**Work item:** Keep only those lines of the records that include the string "eqVneq".

**Collected data:**
Lemma last_star_of_triples :
  triples_of_type m E (false, true, true) -> agree_upto m E (J4 m.+1).
Proof.
move=> P.
have inner x y : x < y -> y < m -> ~~ E x y.
  move=> xy ym; apply/negP => Exy.
  have no_right z : y < z -> z <= m -> ~~ E y z.
    move=> yz zm; apply/negP => Eyz.
    by move: (P _ _ _ xy yz zm (irreducible3_path Exy Eyz)); rewrite /type3 Exy.
  have [i [j [iy yj jm Eij]]] := cross ym.
  have [ey | {}iy] : i = y \/ i < y by lia.
    by move: (no_right j yj jm); rewrite -ey Eij.
  by case: (P _ _ _ iy yj jm (irreducible3_long y Eij)) (no_right j yj jm) => _ _ ->.
have to_last x : x < m -> E x m.
  move=> xm; have [i [j [ix xj jm Eij]]] := cross xm.
  have [lt_jm | jm'] : j < m \/ j = m by lia.
    by move: (inner i j ltac:(lia) lt_jm); rewrite Eij.
  move: Eij; rewrite jm'; have [-> // | {}ix] : i = x \/ i < x by lia.
  by move/(irreducible3_long x)/(P _ _ _ ix xm (leqnn m)) => [].
move=> x y xy ym; rewrite /J4 /= (ltn_eqF (leq_trans xy ym)) /= andbT.
have [ym' | y_ne] := eqVneq y m; first by rewrite ym' to_last // -ym'.
by rewrite (negbTE (inner x y xy ltac:(lia))).
Qed.

End Shapes.

Section SingleLongEdge.
Variables (m : nat) (E : rel nat).
Hypotheses (cross : gaps_crossed m E) (P : triples_of_type m E (false, true, false)).
Hypothesis uniform4 : uniform_quads m E.

Lemma no_two_path a b c : a < b -> b < c -> c <= m -> E a b -> ~~ E b c.
Proof.
move=> ab bc cm Eab; apply/negP => Ebc.
by move: (P ab bc cm (irreducible3_path Eab Ebc)); rewrite /type3 Eab.
Qed.

Lemma long_edge_isolates a b c :
  a < b -> b < c -> c <= m -> E a c -> E a b = false /\ E b c = false.
Proof. by move=> ab bc cm /(irreducible3_long b)/(P ab bc cm) [-> _ ->]. Qed.

Lemma no_inner_edge : E 0 m -> 3 < m -> forall x y, 0 < x -> x < y -> y < m -> ~~ E x y.
Proof.
move=> E0m m_gt3 x y x0 xy ym; apply/negP => Exy.
have [u [v [u0 uv vm nEuv]]] : exists u v, [/\ 0 < u, u < v, v < m & ~~ E u v].
  have [E12 | nE12] := boolP (E 1 2); last by exists 1, 2; split=> //; lia.
  by exists 2, 3; split=> //; apply: no_two_path E12; lia.
move: (uniform4 x0 xy ym (leqnn m) u0 uv vm (leqnn m)
  (irreducible4_long x y E0m) (irreducible4_long u v E0m)).
by rewrite /type4 Exy (negbTE nEuv).
Qed.

Lemma J2_or_Q2_of_long_edge :
  E 0 m -> agree_upto m E (J2 m.+1) \/ (m = 3 /\ agree_upto m E Q2).
Proof.
move=> E0m.
have [[m3 E12] | no_inner] :
    (m = 3 /\ E 1 2) \/ forall x y, 0 < x -> x < y -> y < m -> ~~ E x y.
  have [m_gt3 | m_le3] := ltnP 3 m; first by right; exact: no_inner_edge.
  case E12: (E 1 2); [have [m3 | m_lt3] := eqVneq m 3; [by left | right] | right].
  - by move=> x y *; lia.
  - by move=> [|[|[|x]]] [|[|[|y]]] //= *; rewrite ?E12 //; lia.
- right; split=> //; rewrite m3 in E0m *.
  have m_ge3 : 3 <= m by rewrite m3.
  have [E01 E13] := long_edge_isolates (isT : 0 < 1) (isT : 1 < 3) m_ge3 E0m.
  have [E02 E23] := long_edge_isolates (isT : 0 < 2) (isT : 2 < 3) m_ge3 E0m.
  by move=> [|[|[|[|x]]]] [|[|[|[|y]]]] //=.
left=> x y xy ym.
rewrite /J2 /= (ltn_eqF xy) (gtn_eqF (leq_ltn_trans (leq0n x) xy)) /= orbF.
have [x0 | x_pos] := posnP x; have [ym' | y_ne] := eqVneq y m.
- by rewrite x0 ym'.
- by rewrite x0 (long_edge_isolates (leq_ltn_trans (leq0n x) xy) _ (leqnn m) E0m).1 //; lia.
- by rewrite ym' (long_edge_isolates x_pos _ (leqnn m) E0m).2 //; rewrite -ym'.
- by apply/negbTE/no_inner => //; lia.
Qed.

Lemma crossing_edges_of_no_long_edge :
  1 < m -> ~~ E 0 m -> [/\ E 0 2, E 1 3, ~~ E 0 3 & 3 <= m].
Proof.
move=> m_gt1 nE0m.
have [j [j0 jm E0j]] : exists j, [/\ 0 < j, j < m & E 0 j].
  have [i [j [i0 j0 jm Eij]]] := @cross 0 ltac:(lia).
  have {}i0 : i = 0 by lia.
  rewrite i0 in Eij; exists j; split=> //; rewrite ltn_neqAle jm andbT.
  by apply: contraNneq nE0m => <-.
have [p [q [pj jq qm Epq]]] := cross jm.
have nE0q : ~~ E 0 q by apply/negP => /(long_edge_isolates j0 jq qm) []; rewrite E0j.
have p0 : 0 < p by case: posnP Epq => // ->; rewrite (negbTE nE0q).
have {}pj : p < j.
  rewrite ltn_neqAle pj andbT; apply: contraTneq Epq => ->.
  exact: no_two_path j0 jq qm E0j.
have irr_0pjq : irreducible4 E 0 p j q by rewrite /irreducible4 E0j Epq !orbT.
have j2 : j = 2.
  have [j_gt2 | ] := ltnP 2 j; last by lia.
  move: (uniform4 p0 pj jq qm (isT : 0 < 1) (isT : 1 < 2) j_gt2 (ltnW jm)
    irr_0pjq (irreducible4_long 1 2 E0j)).
  by rewrite /type4 E0j (negbTE nE0q).
have p1 : p = 1 by lia.
rewrite j2 p1 in E0j Epq jq irr_0pjq.
have q3 : q = 3.
  have [q_gt3 | ] := ltnP 3 q; last by lia.
  move: (uniform4 (isT : 0 < 1) (isT : 1 < 2) jq qm (isT : 1 < 2) (isT : 2 < 3) q_gt3 qm
    irr_0pjq (irreducible4_long 2 3 Epq)).
  by rewrite /type4 Epq (negbTE nE0q).
by rewrite -q3.
Qed.

Lemma Q1_of_no_long_edge : 1 < m -> ~~ E 0 m -> m = 3 /\ agree_upto m E Q1.
Proof.
move=> m_gt1 nE0m.
have [E02 E13 nE03 m_ge3] := crossing_edges_of_no_long_edge m_gt1 nE0m.
have m3 : m = 3.
  have [m_gt3 | ] := ltnP 3 m; last by lia.
  have [i [k [i3 k3 km Eik]]] := cross m_gt3.
  exfalso; move: Eik; have [-> | [-> | [-> | ->]]] : i = 0 \/ i = 1 \/ i = 2 \/ i = 3 by lia.
  - by move/(long_edge_isolates (isT : 0 < 2) (ltnW k3) km) => []; rewrite E02.
  - by move/(long_edge_isolates (isT : 1 < 3) k3 km) => []; rewrite E13.
  - exact/negP/(no_two_path (isT : 0 < 2) (ltnW k3) km E02).
  - exact/negP/(no_two_path (isT : 1 < 3) k3 km E13).
split=> //; rewrite m3.
have [E01 E12] := long_edge_isolates (isT : 0 < 1) (isT : 1 < 2) (ltnW m_ge3) E02.
have [_ E23] := long_edge_isolates (isT : 1 < 2) (isT : 2 < 3) m_ge3 E13.
by move=> [|[|[|[|x]]]] [|[|[|[|y]]]] //=; rewrite ?(negbTE nE03).
Qed.

End SingleLongEdge.

Definition J_family m (E : rel nat) : Prop :=
  agree_upto m E (J1 m.+1) \/ agree_upto m E (J2 m.+1) \/ agree_upto m E (J3 m.+1) \/
  agree_upto m E (J4 m.+1) \/ agree_upto m E (Lg m.+1) \/
  (m = 3 /\ agree_upto m E Q1) \/ (m = 3 /\ agree_upto m E Q2).

Lemma irreducible_triple_at_0 m (E : rel nat) :
  gaps_crossed m E -> 1 < m -> exists c, [/\ 1 < c, c <= m & irreducible3 E 0 1 c].
Proof.
move=> cross m_gt1.
have [i [j [i0 j0 jm E0j]]] := cross 0 ltac:(lia).
have {}i0 : i = 0 by lia.
rewrite i0 in E0j.
have [j_gt1 | j1] : 1 < j \/ j = 1 by lia.
  by exists j; split=> //; exact: irreducible3_long _ E0j.
have [i' [k [i1 k1 km Ei'k]]] := cross 1 m_gt1.
exists k; split=> //.
have [i'0 | i'1] : i' = 0 \/ i' = 1 by lia.
- by rewrite i'0 in Ei'k; exact: irreducible3_long _ Ei'k.
- by rewrite j1 in E0j; rewrite i'1 in Ei'k; exact: irreducible3_path E0j Ei'k.
Qed.

Lemma J_family_of_uniform m (E : rel nat) :
  gaps_crossed m E -> uniform_triples m E -> uniform_quads m E -> J_family m E.
Proof.
move=> cross uniform3 uniform4.
have [m_lt2 | m_gt1] := ltnP m 2.
  (* no triples at all: irreducibility alone gives K_1 or K_2 *)
  by left; apply: complete_of_triples => // a b c *; lia.
have [c [c1 cm irr01c]] := irreducible_triple_at_0 cross m_gt1.
have P : triples_of_type m E (type3 E 0 1 c).
  by move=> a b c' ab bc cm' irr; exact: uniform3 ab bc cm' (isT : 0 < 1) c1 cm irr irr01c.
move: P irr01c; rewrite /type3 /irreducible3.
case: (E 0 1) (E 0 c) (E 1 c) => [] [] [] //= P _.
- by left; apply: complete_of_triples.
- by do 2 right; left; apply: first_star_of_triples.
- by do 4 right; left; apply: path_of_triples.
- by do 3 right; left; apply: last_star_of_triples.
have [E0m | nE0m] := boolP (E 0 m).
  by case: (J2_or_Q2_of_long_edge P uniform4 E0m) => [|[m3 Q2]]; [right; left | do 6 right].
by do 5 right; left; exact: Q1_of_no_long_edge.
Qed.

Lemma same_graph_of_agree m (e : rel 'I_m.+1) (R : rel nat) :
  ograph e -> agree_upto m (nat_rel e) R -> symmetric R -> irreflexive R -> same_graph e R.
Proof.
move=> [e_sym e_irr] agree R_sym R_irr i j.
case: (ltngtP i j) => [ij | ji | /val_inj ->]; last by rewrite e_irr R_irr.
- by rewrite nat_relE agree ?leq_ord.
- by rewrite e_sym R_sym nat_relE agree ?leq_ord.
Qed.

Lemma in_J_of_family m (e : rel 'I_m.+1) : ograph e -> J_family m (nat_rel e) -> in_J e.
Proof.
move=> ge; have agree R := @same_graph_of_agree m e R ge.
case=> [h|[h|[h|[h|[h|[[m3 h]|[m3 h]]]]]]].
- left; apply: (agree _ h) => [x y | x]; by rewrite /J1 ?eqxx // eq_sym.
- do 1 right; left; apply: (agree _ h) => [x y | x]; by rewrite /J2 ?eqxx // eq_sym orbC.
- do 2 right; left; apply: (agree _ h) => [x y | x]; by rewrite /J3 ?andbN // orbC.
- do 3 right; left; apply: (agree _ h) => [x y | x]; by rewrite /J4 ?andbN // orbC.
- do 4 right; left; apply: (agree _ h) => [x y | x]; rewrite /Lg; first exact: orbC.
  by rewrite (ltn_eqF (ltnSn x)).
- do 5 right; left; split; first by rewrite m3.
  by apply: (agree _ h) => [[|[|[|[|x]]]] [|[|[|[|y]]]] | [|[|[|[|x]]]]].
- do 6 right; split; first by rewrite m3.
  by apply: (agree _ h) => [[|[|[|[|x]]]] [|[|[|[|y]]]] | [|[|[|[|x]]]]].
Qed.

Theorem lemma18 (n : nat) (e : rel 'I_n) :
  ograph e -> irreducible e ->
  at_most_one_irred e 3 -> at_most_one_irred e 4 ->
  in_J e.
Proof.
case: n e => [|m] e ge irr uniq3 uniq4; first by left; case.
apply: in_J_of_family ge (J_family_of_uniform _ _ _).
- exact: (irreducibleP (@nat_relE _ e)).1.
- exact: uniform_triples_nat_rel.
- exact: uniform_quads_nat_rel.
Qed.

**Solution for this exercise:**
have [ym' | y_ne] := eqVneq y m; first by rewrite ym' to_last // -ym'.
  case E12: (E 1 2); [have [m3 | m_lt3] := eqVneq m 3; [by left | right] | right].
have [x0 | x_pos] := posnP x; have [ym' | y_ne] := eqVneq y m.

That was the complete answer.